На пути к нирване (7 фото)
Категория: Интересные фоторепортажи
8 февраля 2017
Мы с мужем забыли следить за временем и проворонили некруглую дату: в первой половине декабря исполнилось шесть лет, как мы продали квартиру во Владивостоке и переехали жить в деревню. Теперь-то здесь очень много городских. Как будто мы проторили дорожку, и город потёк за нами следом, — подтягивая в деревню и сугубо городской образ жизни, и городские представления о комфорте, и даже — единичными, малыми, пробными объектами — городскую инфраструктуру.

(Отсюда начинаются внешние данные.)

Definition parent x :=
  if x == r then r else odflt r [pick y | e x y && (depth y == (depth x).-1)].

Lemma parent_spec x : x != r -> e x (parent x) && (depth (parent x) == (depth x).-1).
Proof.
move=> xr; rewrite /parent (negbTE xr); case: pickP => // none.
by case: (exists_parent xr) => y; rewrite none.
Qed.

Lemma depth_parent x : depth (parent x) = (depth x).-1.
Proof.
case: (eqVneq x r) => [->|xr]; first by rewrite /parent eqxx depth_root.
by case/andP: (parent_spec xr) => _ /eqP.
Qed.

Lemma edge_parent x : x != r -> e x (parent x).
Proof. by case/parent_spec/andP. Qed.

Lemma depth_iter_parent t x : depth (iter t parent x) = depth x - t.
Proof.
elim: t => [|t IH] /=; first by rewrite subn0.
by rewrite depth_parent IH subnS.
Qed.

Lemma iter_depth_parent x : iter (depth x) parent x = r.
Proof. by apply: depth_eq0; rewrite depth_iter_parent subnn. Qed.

Lemma walk_to_ancestor j x : j <= depth x -> walk x (iter j parent x) j.
Proof.
elim: j x => [|j IH] x le_jx; first by exists [::].
rewrite iterSr.
have [p [Hp Hl Hs]] : walk (parent x) (iter j parent (parent x)) j.
  by apply: IH; rewrite depth_parent; lia.
have xr : x != r by apply: contraTneq le_jx => ->; rewrite depth_root.
by exists (parent x :: p); rewrite /= edge_parent // Hp Hs.
Qed.

Lemma walk_from_ancestor j x : j <= depth x -> walk (iter j parent x) x j.
Proof. by move/walk_to_ancestor/walk_sym. Qed.

Lemma uniq_ancestors x a n :
  a + n <= (depth x).+1 -> uniq [seq iter t parent x | t <- iota a n].
Proof.
move=> le_an; rewrite map_inj_in_uniq ?iota_uniq // => t1 t2.
rewrite !mem_iota => /andP[_ lt1] /andP[_ lt2] /(congr1 depth).
rewrite !depth_iter_parent; lia.
Qed.

Definition parent_closed (S : {set T}) := forall x, x \in S -> parent x \in S.

Lemma parent_closed_iter S t x : parent_closed S -> x \in S -> iter t parent x \in S.
Proof. by move=> closedS xS; elim: t => //= t IH; apply: closedS. Qed.

Definition subtree v :=
  [set x | (depth v <= depth x) && (iter (depth x - depth v) parent x == v)].

Lemma subtree_root x : x \in subtree r.
Proof. by rewrite inE depth_root subn0 iter_depth_parent eqxx. Qed.

Lemma subtree_iter v t y : iter t parent y \in subtree v -> y \in subtree v.
Proof.
rewrite !inE depth_iter_parent => /andP[le_vy /eqP anc].
case: (leqP t (depth y)) => le_ty.
  apply/andP; split; first lia.
  have -> : depth y - depth v = (depth y - t - depth v) + t by lia.
  by rewrite iterD anc.
have /depth_eq0 -> : depth v = 0 by lia.
by rewrite depth_root subn0 iter_depth_parent eqxx.
Qed.

Lemma parent_closedD_subtree S v :
  parent_closed S -> parent_closed (S :\: subtree v).
Proof.
move=> closedS x /setDP[xS xNv]; rewrite in_setD closedS // andbT.
by apply: contra xNv; apply: (@subtree_iter v 1).
Qed.

Lemma walk_from_subtree_root v x : x \in subtree v -> walk v x (depth x - depth v).
Proof.
rewrite inE => /andP[_ /eqP anc].
by have := walk_from_ancestor (leq_subr (depth v) (depth x)); rewrite anc.
Qed.

Lemma card_subtree_ancestor S u m : parent_closed S -> u \in S -> m <= depth u ->
  m < #|S :&: subtree (iter m parent u)|.
Proof.
move=> closedS uS le_mu.
rewrite -[m.+1](size_iota 0) -(size_map (fun t => iter t parent u)).
apply: uniq_size_leq_card; first by apply: uniq_ancestors; lia.
move=> z /mapP[t]; rewrite mem_iota => /andP[_ le_tm] ->.
rewrite in_setI parent_closed_iter //= inE !depth_iter_parent.
apply/andP; split; first lia.
by rewrite -iterD; have -> : depth u - t - (depth u - m) + t = m by lia.
Qed.

Lemma exists_cut S m : parent_closed S -> r \in S ->
  exists2 v, v \in S &
    {in S :&: subtree v, forall x, exists2 n, n <= m & walk v x n} /\
    (S :\: subtree v = set0 \/ m.+1 + #|S :\: subtree v| <= #|S|).
Proof.
move=> closedS rS.
case: (@arg_maxnP T r [in S] depth rS) => u uS deepest.
set v := iter (minn m (depth u)) parent u.
have depth_v : depth v = depth u - minn m (depth u) by rewrite depth_iter_parent.
exists v; first exact: parent_closed_iter.
split.
  move=> x /setIP[xS xv]; exists (depth x - depth v); last exact: walk_from_subtree_root.
  by have := deepest x xS; lia.
case: (leqP m (depth u)) => [le_mu | lt_um].
  right; rewrite -(cardsID (subtree v) S) leq_add2r.
  by rewrite /v (minn_idPl le_mu); apply: card_subtree_ancestor.
left; apply/setP => x.
by rewrite in_setD in_set0 /v (minn_idPr (ltnW lt_um)) iter_depth_parent subtree_root.
Qed.

Definition strict_ancestor v z :=
  (depth z < depth v) && (iter (depth v - depth z) parent v == z).

Lemma strict_ancestor_root v y : y \notin subtree v -> strict_ancestor v r.
Proof.
move=> yNv; rewrite /strict_ancestor depth_root subn0 iter_depth_parent eqxx andbT.
by rewrite lt0n; apply: contraNneq yNv => /depth_eq0 ->; apply: subtree_root.
Qed.

Lemma card_outside_subtree S v y j :
  parent_closed S -> v \in S -> y \in S :\: subtree v ->
  (forall t, strict_ancestor v (iter t parent y) -> j <= t) ->
  j + depth v <= #|S :\: subtree v|.
Proof.
move=> closedS vS /setDP[yS yNv] jmin.
have -> : j + depth v = size ([seq iter t parent y | t <- iota 0 j] ++
                              [seq iter t parent v | t <- iota 1 (depth v)]).
  by rewrite size_cat !size_map !size_iota.
have jy : j <= depth y.
  by apply: jmin; rewrite iter_depth_parent; apply: strict_ancestor_root yNv.
apply: uniq_size_leq_card.
  rewrite cat_uniq !uniq_ancestors ?andbT /=; try lia.
  apply/hasPn => z /mapP[t2]; rewrite mem_iota => /andP[le1t2 le_t2v] -> {z}.
  apply/mapP => -[t1]; rewrite mem_iota => /andP[_ lt_t1j] anc.
  suff : j <= t1 by lia.
  apply: jmin; rewrite -anc /strict_ancestor depth_iter_parent.
  have -> : depth v - (depth v - t2) = t2 by lia.
  by rewrite eqxx andbT; apply/ltP; lia.
move=> z; rewrite mem_cat => /orP[] /mapP[t]; rewrite mem_iota => /andP[ge_t lt_t] ->.
  rewrite in_setD (parent_closed_iter _ closedS yS) andbT.
  by apply: contra yNv; apply: subtree_iter.
rewrite in_setD (parent_closed_iter _ closedS vS) andbT inE depth_iter_parent.
by rewrite negb_and -ltnNge; apply/orP; left; lia.
Qed.

Lemma walk_from_outside_subtree S v y :
  parent_closed S -> v \in S -> y \in S :\: subtree v ->
  exists2 n, n <= #|S :\: subtree v| & walk v y n.
Proof.
move=> closedS vS yS.
have root_anc : strict_ancestor v (iter (depth y) parent y).
  by case/setDP: yS => _ yNv; rewrite iter_depth_parent; apply: strict_ancestor_root yNv.
have has_anc : exists t, strict_ancestor v (iter t parent y) by exists (depth y).
case: (ex_minnP has_anc) => j /andP[_ /eqP anc] jmin.
have jy : j <= depth y by apply: jmin.
have := card_outside_subtree closedS vS yS jmin.
exists ((depth v - depth (iter j parent y)) + j); first lia.
apply: walk_cat (walk_from_ancestor jy).
by rewrite -[X in walk _ X _]anc; apply/walk_to_ancestor/leq_subr.
Qed.

Definition coverable (A : seq nat) (S : {set T}) := exists L : seq (nat * T),
  map fst L = A /\
  {in S, forall x, exists2 p, p \in L & within e p.2 x (p.1%:Z - 1)%R}.

Lemma coverable_set0 A : coverable A set0.
Proof.
exists [seq (a, r) | a <- A]; split; last by move=> x; rewrite in_set0.
by rewrite -map_comp map_id.
Qed.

Горожане — другие. Деревенские соседи, глядя на городских новичков, улыбаются. У деревенских соседей три коровы, тридцать свиней, огород без единого сорняка, с утра на работу, вечером хозяйство, но улыбаются и ходят в чистом. Городские каждый день ездят работать в город до вечера и тоже ходят в чистом. Они покупают в деревне пустые участки, вывозят оттуда КамАЗы му#ора, мгновенно разбивают сады, за одно лето выстраивают симпатичные двухэтажные домики на высоких фундаментах и начинают, невзирая на скепсис соседей (три коровы, тридцать свиней), пристраивать к работе местных алкоголиков. Но алкоголики работать не хотят, а загаженных проплешин всё равно очень много. На месте некоторых пустырей мы еще застали деревянные одно- и двухэтажные бараки пятидесятых годов постройки.
Бараки горят каждую зиму, в них паршивая старая проводка, рассчитанная по нормативам более чем полувековой давности. Она не выдерживает отопительных ноу-хау местных алкашей — народа совершенно особого типа, о котором горожане почти ничего не знают, но думают, что алкаш деревенский ничем не отличается от алкаша городского. Это не так. Деревенский алкаш способен пропить будущий уголь и будущие дрова задолго до начала холодов, но его самодостаточность остаётся с ним почти до самого конца. Поэтому, когда внезапно настаёт зима, деревенский алкаш не ищет заработков, а начинает греться с помощью лома. Двенадцать киловатт, предназначенные всему бараку, устремляются по хилым проводам в розетку, в которую включен лом; лом раскаляется докрасна, в хате жарища и прелесть. Семь бараков за шесть лет, отдельных хибар сколько-то. Правда, один из семи бараков сгорел не из-за лома, а из-за Нового года. Праздник — он же ко всем приходит, только к одной женщине не пришёл, она обиделась, заперла уснувших приятелей, подожгла берлогу и ушла. Семь человек погибли, а обгоревшая двухэтажка еще постояла какое-то время, глядя на прохожих страшными черными окнами, — пока год назад её окончательно не снесли и не разровняли площадку. Как будто так и было.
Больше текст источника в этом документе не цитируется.